(* Let $W,E_0,E\in\mathcal G$ with $W$ adjacent to $E_0$, $E$ distant from $E_0$, and $W$ not distant from $E$. Then $W\cap E$ is a point (i.e. $\dim(W\cap E)=1$).
   Context: $K$ is a (not necessarily commutative) field and $V$ is a left vector space over $K$ of arbitrary (possibly infinite) dimension with $\dim V>2$. $\mathcal G:=\{X\le V\mid X\cong V/X\}$, assumed nonempty. Points are $1$-dimensional subspaces. $X,Y\in\mathcal G$ are adjacent if $\dim((X+Y)/X)=\dim((X+Y)/Y)=1$ (equivalently $\dim(X/(X\cap Y))=\dim(Y/(X\cap Y))=1$), and distant if $V=X\oplus Y$. *)

From HB Require Import structures.
From mathcomp Require Import all_boot all_order all_algebra.
Set Implicit Arguments. Unset Strict Implicit. Unset Printing Implicit Defensive.
Import GRing.Theory.
Local Open Scope ring_scope.

Definition division_ring (K : unitRingType) : Prop :=
  forall x : K, x != 0 -> x \is a GRing.unit.

Section Sub.
Variables (K : unitRingType) (V : lmodType K).

Definition subspace (X : V -> Prop) : Prop :=
  X 0 /\ (forall u v, X u -> X v -> X (u + v)) /\ (forall (a : K) u, X u -> X (a *: u)).

Definition capS (X Y : V -> Prop) : V -> Prop := fun v => X v /\ Y v.

(* B <= A subspaces; dim (A / B) = 1 : A/B is spanned by one nonzero class *)
Definition quot_dim1 (A B : V -> Prop) : Prop :=
  exists a, A a /\ ~ B a /\ forall x, A x -> exists (k : K) b, B b /\ x = b + k *: a.

(* dim X = 1 : X is a point, i.e. spanned by a single nonzero vector *)
Definition is_point (X : V -> Prop) : Prop :=
  exists p, p != 0 /\ forall x, X x <-> exists k : K, x = k *: p.

(* dim V > 2 : V contains three linearly independent vectors *)
Definition dim_gt2 : Prop :=
  exists u v w : V, forall a b c : K, a *: u + b *: v + c *: w = 0 -> [/\ a = 0, b = 0 & c = 0].

(* X ≅ V/X : by the first isomorphism theorem, V/X ≅ X iff there is a linear
   endomorphism of V with kernel X and image X. *)
Definition in_G (X : V -> Prop) : Prop :=
  subspace X /\
  exists f : {linear V -> V},
    (forall v, f v = 0 <-> X v) /\ (forall x, X x <-> exists v, f v = x).

Definition adjacent (X Y : V -> Prop) : Prop :=
  quot_dim1 X (capS X Y) /\ quot_dim1 Y (capS X Y).

Definition distant (X Y : V -> Prop) : Prop :=
  (forall v, X v -> Y v -> v = 0) /\ (forall v, exists x y, X x /\ Y y /\ v = x + y).

End Sub.

(* Write W = (W ∩ E0) + Kw and E0 = (W ∩ E0) + Ka, and split w = e + e0 along
   V = E ⊕ E0.  If x = d + k w lies in W ∩ E, then x - k e = d + k e0 lies in
   E ∩ E0 = 0, so W ∩ E ⊆ Ke.  If e ∈ W this makes W ∩ E the point Ke.
   Otherwise W ∩ E = 0, and e0 = w - e ∈ W + E has a nonzero a-coordinate, so
   a ∈ W + E; hence E0 ⊆ W + E and W + E = V, i.e. W and E are distant,
   contradicting the hypothesis. *)

From HB Require Import structures.
From mathcomp Require Import all_boot all_order all_algebra.
From Stdlib Require Import Classical.
Set Implicit Arguments. Unset Strict Implicit. Unset Printing Implicit Defensive.
Import GRing.Theory.
Local Open Scope ring_scope.

Section Subspaces.
Variables (K : unitRingType) (V : lmodType K).
Implicit Types (X Y : V -> Prop) (u v : V).

Definition addS X Y : V -> Prop :=
  fun v => exists x y, X x /\ Y y /\ v = x + y.

Lemma subspaceN X : subspace X -> forall u, X u -> X (- u).
Proof. by move=> [_ [_ XZ]] u Xu; rewrite -scaleN1r; apply: XZ. Qed.

Lemma subspaceB X : subspace X -> forall u v, X u -> X v -> X (u - v).
Proof.
by move=> sX u v Xu Xv; case: (sX) => _ [XD _]; exact: XD _ _ Xu (subspaceN sX Xv).
Qed.

Lemma subspaceI X Y : subspace X -> subspace Y -> subspace (capS X Y).
Proof.
move=> [X0 [XD XZ]] [Y0 [YD YZ]].
split; first by split.
by split=> [u v [Xu Yu] [Xv Yv] | k u [Xu Yu]]; split; auto.
Qed.

Lemma subspaceD X Y : subspace X -> subspace Y -> subspace (addS X Y).
Proof.
move=> [X0 [XD XZ]] [Y0 [YD YZ]]; split; first by exists 0, 0; rewrite addr0.
split=> [u v [x [y [Xx [Yy ->]]]] [x' [y' [Xx' [Yy' ->]]]] | k u [x [y [Xx [Yy ->]]]]].
  by exists (x + x'), (y + y'); rewrite addrACA; auto.
by exists (k *: x), (k *: y); rewrite scalerDr; auto.
Qed.

Lemma addSl X Y : subspace Y -> forall x, X x -> addS X Y x.
Proof. by move=> [Y0 _] x Xx; exists x, 0; rewrite addr0. Qed.

Lemma addSr X Y : subspace X -> forall y, Y y -> addS X Y y.
Proof. by move=> [X0 _] y Yy; exists 0, y; rewrite add0r. Qed.

Lemma scalerK_unit (k : K) v : k \is a GRing.unit -> k^-1 *: (k *: v) = v.
Proof. by move=> k_unit; rewrite scalerA mulVr ?scale1r. Qed.

Lemma is_point_line X e :
  subspace X -> e != 0 -> X e -> (forall x, X x -> exists k, x = k *: e) ->
  is_point X.
Proof.
move=> [_ [_ XZ]] e_neq0 Xe Xline; exists e; split=> // x.
by split=> [/Xline | [k ->]]; last exact: XZ.
Qed.

Lemma line_subspace_eq0 X e :
  division_ring K -> subspace X -> ~ X e ->
  (forall x, X x -> exists k, x = k *: e) -> forall x, X x -> x = 0.
Proof.
move=> hK [_ [_ XZ]] Xe Xline x Xx; have [k xE] := Xline x Xx.
have [k0|k_neq0] := eqVneq k 0; first by rewrite xE k0 scale0r.
by case: Xe; rewrite -(scalerK_unit e (hK _ k_neq0)) -xE; apply: XZ.
Qed.

Section AdjacentDistant.
Variables (W E0 E : V -> Prop) (w e e0 : V).
Hypotheses (sW : subspace W) (sE0 : subspace E0) (sE : subspace E).
Hypothesis Wdec : forall x, W x -> exists k d, capS W E0 d /\ x = d + k *: w.
Hypotheses (Ee : E e) (E0e0 : E0 e0) (wE : w = e + e0).

Lemma capS_sub_line :
  (forall v, E v -> E0 v -> v = 0) -> forall x, capS W E x -> exists k, x = k *: e.
Proof.
move=> EE0_eq0 x [Wx Ex]; have [k [d [[Wd E0d] xE]]] := Wdec Wx.
exists k; apply/eqP; rewrite -subr_eq0; apply/eqP/EE0_eq0.
  by apply: subspaceB => //; case: sE => _ [_ EZ]; apply: EZ.
have -> : x - k *: e = d + k *: e0.
  by rewrite xE wE scalerDr addrCA addrAC subrr add0r.
by case: sE0 => _ [E0D E0Z]; apply/E0D/E0Z.
Qed.

Lemma addS_full (a : V) :
  division_ring K -> ~ W e -> W w ->
  (forall y, E0 y -> exists k d, capS W E0 d /\ y = d + k *: a) ->
  (forall v, addS E E0 v) -> forall v, addS W E v.
Proof.
move=> hK We Ww E0dec EE0_span v.
have sWE := subspaceD sW sE; have [_ [WED WEZ]] := sWE.
have [k' [d' [[Wd' _] e0E]]] := E0dec e0 E0e0.
have k'_neq0 : k' != 0.
  apply/eqP=> k'0; apply: We; have -> : e = w - e0 by rewrite wE addrK.
  by apply: subspaceB; rewrite // e0E k'0 scale0r addr0.
have WEa : addS W E a.
  rewrite -(scalerK_unit a (hK _ k'_neq0)); apply: WEZ.
  have -> : k' *: a = (w - d') - e.
    by rewrite wE e0E addrCA [d' + _]addrC addrK addrAC subrr add0r.
  apply: (subspaceB sWE); last exact: addSr.
  by apply: (addSl sE); apply: subspaceB.
have [x [y [Ex [E0y ->]]]] := EE0_span v; have [k [d [[Wd _] ->]]] := E0dec y E0y.
by apply: (WED) (addSr sW Ex) (WED _ _ (addSl sE Wd) (WEZ k _ WEa)).
Qed.

End AdjacentDistant.
End Subspaces.

Theorem lemma4p8 (K : unitRingType) (V : lmodType K)
  (hK : division_ring K) (hV : dim_gt2 V)
  (W E0 E : V -> Prop)
  (hW : in_G W) (hE0 : in_G E0) (hE : in_G E)
  (hadj : adjacent W E0) (hdist : distant E E0) (hnd : ~ distant W E) :
  is_point (capS W E).
Proof.
case: hW hE0 hE => [sW _] [sE0 _] [sE _].
case: hadj => [[w [Ww [w_notin Wdec]]] [a [_ [_ E0dec]]]].
case: hdist => [EE0_eq0 EE0_span].
have [e [e0 [Ee [E0e0 wE]]]] := EE0_span w.
have line := capS_sub_line sE0 sE Wdec Ee E0e0 wE EE0_eq0.
have sWE := subspaceI sW sE.
have [We | We] := classic (W e).
  apply: (is_point_line sWE _ (conj We Ee) line).
  by apply/eqP=> e0'; apply: w_notin; split; rewrite // wE e0' add0r.
case: hnd; split.
  by move=> v Wv Ev; apply: (line_subspace_eq0 hK sWE _ line (conj Wv Ev)); case.
move=> v; exact: (addS_full sW sE Ee E0e0 wE hK We Ww E0dec EE0_span v).
Qed.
——
#### Task prompt:
In the entries above, find the line with "subspace X /\" and the line with "move=> [X0 [XD XZ]] [Y0 [YD YZ]].", then restate word for word both of them and every line between, with nothing more.

#### Reply:
  subspace X /\
  exists f : {linear V -> V},
    (forall v, f v = 0 <-> X v) /\ (forall x, X x <-> exists v, f v = x).

Definition adjacent (X Y : V -> Prop) : Prop :=
  quot_dim1 X (capS X Y) /\ quot_dim1 Y (capS X Y).

Definition distant (X Y : V -> Prop) : Prop :=
  (forall v, X v -> Y v -> v = 0) /\ (forall v, exists x y, X x /\ Y y /\ v = x + y).

End Sub.

(* Write W = (W ∩ E0) + Kw and E0 = (W ∩ E0) + Ka, and split w = e + e0 along
   V = E ⊕ E0.  If x = d + k w lies in W ∩ E, then x - k e = d + k e0 lies in
   E ∩ E0 = 0, so W ∩ E ⊆ Ke.  If e ∈ W this makes W ∩ E the point Ke.
   Otherwise W ∩ E = 0, and e0 = w - e ∈ W + E has a nonzero a-coordinate, so
   a ∈ W + E; hence E0 ⊆ W + E and W + E = V, i.e. W and E are distant,
   contradicting the hypothesis. *)

From HB Require Import structures.
From mathcomp Require Import all_boot all_order all_algebra.
From Stdlib Require Import Classical.
Set Implicit Arguments. Unset Strict Implicit. Unset Printing Implicit Defensive.
Import GRing.Theory.
Local Open Scope ring_scope.

Section Subspaces.
Variables (K : unitRingType) (V : lmodType K).
Implicit Types (X Y : V -> Prop) (u v : V).

Definition addS X Y : V -> Prop :=
  fun v => exists x y, X x /\ Y y /\ v = x + y.

Lemma subspaceN X : subspace X -> forall u, X u -> X (- u).
Proof. by move=> [_ [_ XZ]] u Xu; rewrite -scaleN1r; apply: XZ. Qed.

Lemma subspaceB X : subspace X -> forall u v, X u -> X v -> X (u - v).
Proof.
by move=> sX u v Xu Xv; case: (sX) => _ [XD _]; exact: XD _ _ Xu (subspaceN sX Xv).
Qed.

Lemma subspaceI X Y : subspace X -> subspace Y -> subspace (capS X Y).
Proof.
move=> [X0 [XD XZ]] [Y0 [YD YZ]].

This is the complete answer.